Below is a set of entries; copy all of them exactly.
=== DATA FOR REVIEW ===
(* Let $(\beta_n),(\gamma_n)$ be sequences of positive real numbers that are non-decreasing, satisfy $\gamma_n\ge\beta_n$ for all $n$ and $\gamma_n-\beta_n\to\infty$. Let $t=(t_n)$ be a sequence of positive real numbers with $T_{\beta\gamma(n)}:=\sum_{k\in[\beta_n,\gamma_n]}t_k\to\infty$ as $n\to\infty$ (the sum being over positive integers $k$ in $[\beta_n,\gamma_n]$). For $\theta\in(0,1]$, say that a sequence $(\hat f_k)$ of fuzzy functions $\hat f_k:[a,b]\to L(\mathbb R)$ belongs to $N^{\theta}_{\beta\gamma}(t)$ (with limit $\hat f:[a,b]\to L(\mathbb R)$) if for every $x\in[a,b]$, $$\frac{1}{T_{\beta\gamma(n)}^{\theta}}\sum_{k\in[\beta_n,\gamma_n]}t_k\,d(\hat f_k(x),\hat f(x))\to 0\quad (n\to\infty).$$ Then: (i) If $(\hat f_k)\in N^{\theta}_{\beta\gamma}(t)$ with limit $\hat f$ and $(\hat g_k)\in N^{\theta}_{\beta\gamma}(t)$ with limit $\hat g$, then $(\hat f_k+\hat g_k)\in N^{\theta}_{\beta\gamma}(t)$ (with limit $\hat f+\hat g$) and $(c\hat f_k)\in N^{\theta}_{\beta\gamma}(t)$ (with limit $c\hat f$) for every $c\in\mathbb R$. (ii) If $0<\theta\le\delta\le1$, then $N^{\theta}_{\beta\gamma}(t)\subseteq N^{\delta}_{\beta\gamma}(t)$; moreover, the inclusion is strict for some $\theta<\delta$.
   Context: $L(\mathbb R)$ denotes the set of fuzzy real numbers: maps $\hat x:\mathbb R\to[0,1]$ that are normal, fuzzy convex, upper semicontinuous, with $\{t:\hat x(t)>0\}$ having compact closure. For $\alpha\in(0,1]$ the $\alpha$-cut is $[\hat x]_\alpha=\{t:\hat x(t)\ge\alpha\}=[(\hat x)^-_\alpha,(\hat x)^+_\alpha]$. The metric on $L(\mathbb R)$ is $d(\hat x,\hat y)=\sup_{0\le\alpha\le1}\max\{|(\hat x)^-_\alpha-(\hat y)^-_\alpha|,|(\hat x)^+_\alpha-(\hat y)^+_\alpha|\}$. Addition and real scalar multiplication of fuzzy numbers are the usual ones (via $\alpha$-cuts). A fuzzy function on $[a,b]$ is a map $[a,b]\to L(\mathbb R)$; operations on fuzzy functions are pointwise. *)

From Stdlib Require Import Reals Lra ZArith.
From Coquelicot Require Import Coquelicot.
Open Scope R_scope.

(* u is a fuzzy real number (an element of L(R)): values in [0,1], normal,
   fuzzy convex, upper semicontinuous, and with {t | u t > 0} bounded
   (in R, its closure is compact iff it is bounded). *)
Definition is_fuzzy (u : R -> R) : Prop :=
  (forall t, 0 <= u t <= 1) /\
  (exists t, u t = 1) /\
  (forall s v l, 0 <= l <= 1 -> Rmin (u s) (u v) <= u (l * s + (1 - l) * v)) /\
  (forall t eps, 0 < eps -> exists del, 0 < del /\
      forall s, Rabs (s - t) < del -> u s < u t + eps) /\
  (exists M, forall t, 0 < u t -> Rabs t <= M).

(* alpha-cut: for alpha > 0, {t | u t >= alpha}; for alpha = 0 we use the
   support {t | u t > 0}, which has the same inf and sup as its closure [u]_0. *)
Definition cut (u : R -> R) (alpha : R) (t : R) : Prop :=
  (0 < alpha /\ alpha <= u t) \/ (alpha <= 0 /\ 0 < u t).

Definition lower (u : R -> R) (alpha : R) : R := real (Glb_Rbar (cut u alpha)).
Definition upper (u : R -> R) (alpha : R) : R := real (Lub_Rbar (cut u alpha)).

Definition fdist (u v : R -> R) : R :=
  real (Lub_Rbar (fun r => exists alpha, 0 <= alpha <= 1 /\
     r = Rmax (Rabs (lower u alpha - lower v alpha))
              (Rabs (upper u alpha - upper v alpha)))).

(* addition via alpha-cuts: [u+v]_alpha = [u^-_a + v^-_a, u^+_a + v^+_a];
   the membership function is recovered as sup{alpha | t in the cut} (or 0). *)
Definition fadd (u v : R -> R) (t : R) : R :=
  real (Lub_Rbar (fun alpha => alpha = 0 \/
     (0 < alpha <= 1 /\
      lower u alpha + lower v alpha <= t <= upper u alpha + upper v alpha))).

Definition fscal (c : R) (u : R -> R) (t : R) : R :=
  real (Lub_Rbar (fun alpha => alpha = 0 \/
     (0 < alpha <= 1 /\
      Rmin (c * lower u alpha) (c * upper u alpha) <= t /\
      t <= Rmax (c * lower u alpha) (c * upper u alpha)))).

Definition in_window (beta gamma : nat -> R) (n k : nat) : bool :=
  if Rle_dec (beta n) (INR k) then
    if Rle_dec (INR k) (gamma n) then Nat.ltb 0 k else false
  else false.

(* sum_{k positive integer in [beta n, gamma n]} g k ;
   all such k are <= Z.to_nat (up (gamma n)). *)
Definition wsum (beta gamma : nat -> R) (g : nat -> R) (n : nat) : R :=
  sum_f_R0 (fun k => if in_window beta gamma n k then g k else 0)
           (Z.to_nat (up (gamma n))).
===
→ EXERCISE RESULT:
(* Let $(\beta_n),(\gamma_n)$ be sequences of positive real numbers that are non-decreasing, satisfy $\gamma_n\ge\beta_n$ for all $n$ and $\gamma_n-\beta_n\to\infty$. Let $t=(t_n)$ be a sequence of positive real numbers with $T_{\beta\gamma(n)}:=\sum_{k\in[\beta_n,\gamma_n]}t_k\to\infty$ as $n\to\infty$ (the sum being over positive integers $k$ in $[\beta_n,\gamma_n]$). For $\theta\in(0,1]$, say that a sequence $(\hat f_k)$ of fuzzy functions $\hat f_k:[a,b]\to L(\mathbb R)$ belongs to $N^{\theta}_{\beta\gamma}(t)$ (with limit $\hat f:[a,b]\to L(\mathbb R)$) if for every $x\in[a,b]$, $$\frac{1}{T_{\beta\gamma(n)}^{\theta}}\sum_{k\in[\beta_n,\gamma_n]}t_k\,d(\hat f_k(x),\hat f(x))\to 0\quad (n\to\infty).$$ Then: (i) If $(\hat f_k)\in N^{\theta}_{\beta\gamma}(t)$ with limit $\hat f$ and $(\hat g_k)\in N^{\theta}_{\beta\gamma}(t)$ with limit $\hat g$, then $(\hat f_k+\hat g_k)\in N^{\theta}_{\beta\gamma}(t)$ (with limit $\hat f+\hat g$) and $(c\hat f_k)\in N^{\theta}_{\beta\gamma}(t)$ (with limit $c\hat f$) for every $c\in\mathbb R$. (ii) If $0<\theta\le\delta\le1$, then $N^{\theta}_{\beta\gamma}(t)\subseteq N^{\delta}_{\beta\gamma}(t)$; moreover, the inclusion is strict for some $\theta<\delta$.
   Context: $L(\mathbb R)$ denotes the set of fuzzy real numbers: maps $\hat x:\mathbb R\to[0,1]$ that are normal, fuzzy convex, upper semicontinuous, with $\{t:\hat x(t)>0\}$ having compact closure. For $\alpha\in(0,1]$ the $\alpha$-cut is $[\hat x]_\alpha=\{t:\hat x(t)\ge\alpha\}=[(\hat x)^-_\alpha,(\hat x)^+_\alpha]$. The metric on $L(\mathbb R)$ is $d(\hat x,\hat y)=\sup_{0\le\alpha\le1}\max\{|(\hat x)^-_\alpha-(\hat y)^-_\alpha|,|(\hat x)^+_\alpha-(\hat y)^+_\alpha|\}$. Addition and real scalar multiplication of fuzzy numbers are the usual ones (via $\alpha$-cuts). A fuzzy function on $[a,b]$ is a map $[a,b]\to L(\mathbb R)$; operations on fuzzy functions are pointwise. *)

From Stdlib Require Import Reals Lra ZArith.
From Coquelicot Require Import Coquelicot.
Open Scope R_scope.

(* u is a fuzzy real number (an element of L(R)): values in [0,1], normal,
   fuzzy convex, upper semicontinuous, and with {t | u t > 0} bounded
   (in R, its closure is compact iff it is bounded). *)
Definition is_fuzzy (u : R -> R) : Prop :=
  (forall t, 0 <= u t <= 1) /\
  (exists t, u t = 1) /\
  (forall s v l, 0 <= l <= 1 -> Rmin (u s) (u v) <= u (l * s + (1 - l) * v)) /\
  (forall t eps, 0 < eps -> exists del, 0 < del /\
      forall s, Rabs (s - t) < del -> u s < u t + eps) /\
  (exists M, forall t, 0 < u t -> Rabs t <= M).

(* alpha-cut: for alpha > 0, {t | u t >= alpha}; for alpha = 0 we use the
   support {t | u t > 0}, which has the same inf and sup as its closure [u]_0. *)
Definition cut (u : R -> R) (alpha : R) (t : R) : Prop :=
  (0 < alpha /\ alpha <= u t) \/ (alpha <= 0 /\ 0 < u t).

Definition lower (u : R -> R) (alpha : R) : R := real (Glb_Rbar (cut u alpha)).
Definition upper (u : R -> R) (alpha : R) : R := real (Lub_Rbar (cut u alpha)).

Definition fdist (u v : R -> R) : R :=
  real (Lub_Rbar (fun r => exists alpha, 0 <= alpha <= 1 /\
     r = Rmax (Rabs (lower u alpha - lower v alpha))
              (Rabs (upper u alpha - upper v alpha)))).

(* addition via alpha-cuts: [u+v]_alpha = [u^-_a + v^-_a, u^+_a + v^+_a];
   the membership function is recovered as sup{alpha | t in the cut} (or 0). *)
Definition fadd (u v : R -> R) (t : R) : R :=
  real (Lub_Rbar (fun alpha => alpha = 0 \/
     (0 < alpha <= 1 /\
      lower u alpha + lower v alpha <= t <= upper u alpha + upper v alpha))).

Definition fscal (c : R) (u : R -> R) (t : R) : R :=
  real (Lub_Rbar (fun alpha => alpha = 0 \/
     (0 < alpha <= 1 /\
      Rmin (c * lower u alpha) (c * upper u alpha) <= t /\
      t <= Rmax (c * lower u alpha) (c * upper u alpha)))).

Definition in_window (beta gamma : nat -> R) (n k : nat) : bool :=
  if Rle_dec (beta n) (INR k) then
    if Rle_dec (INR k) (gamma n) then Nat.ltb 0 k else false
  else false.

(* sum_{k positive integer in [beta n, gamma n]} g k ;
   all such k are <= Z.to_nat (up (gamma n)). *)
Definition wsum (beta gamma : nat -> R) (g : nat -> R) (n : nat) : R :=
  sum_f_R0 (fun k => if in_window beta gamma n k then g k else 0)
           (Z.to_nat (up (gamma n))).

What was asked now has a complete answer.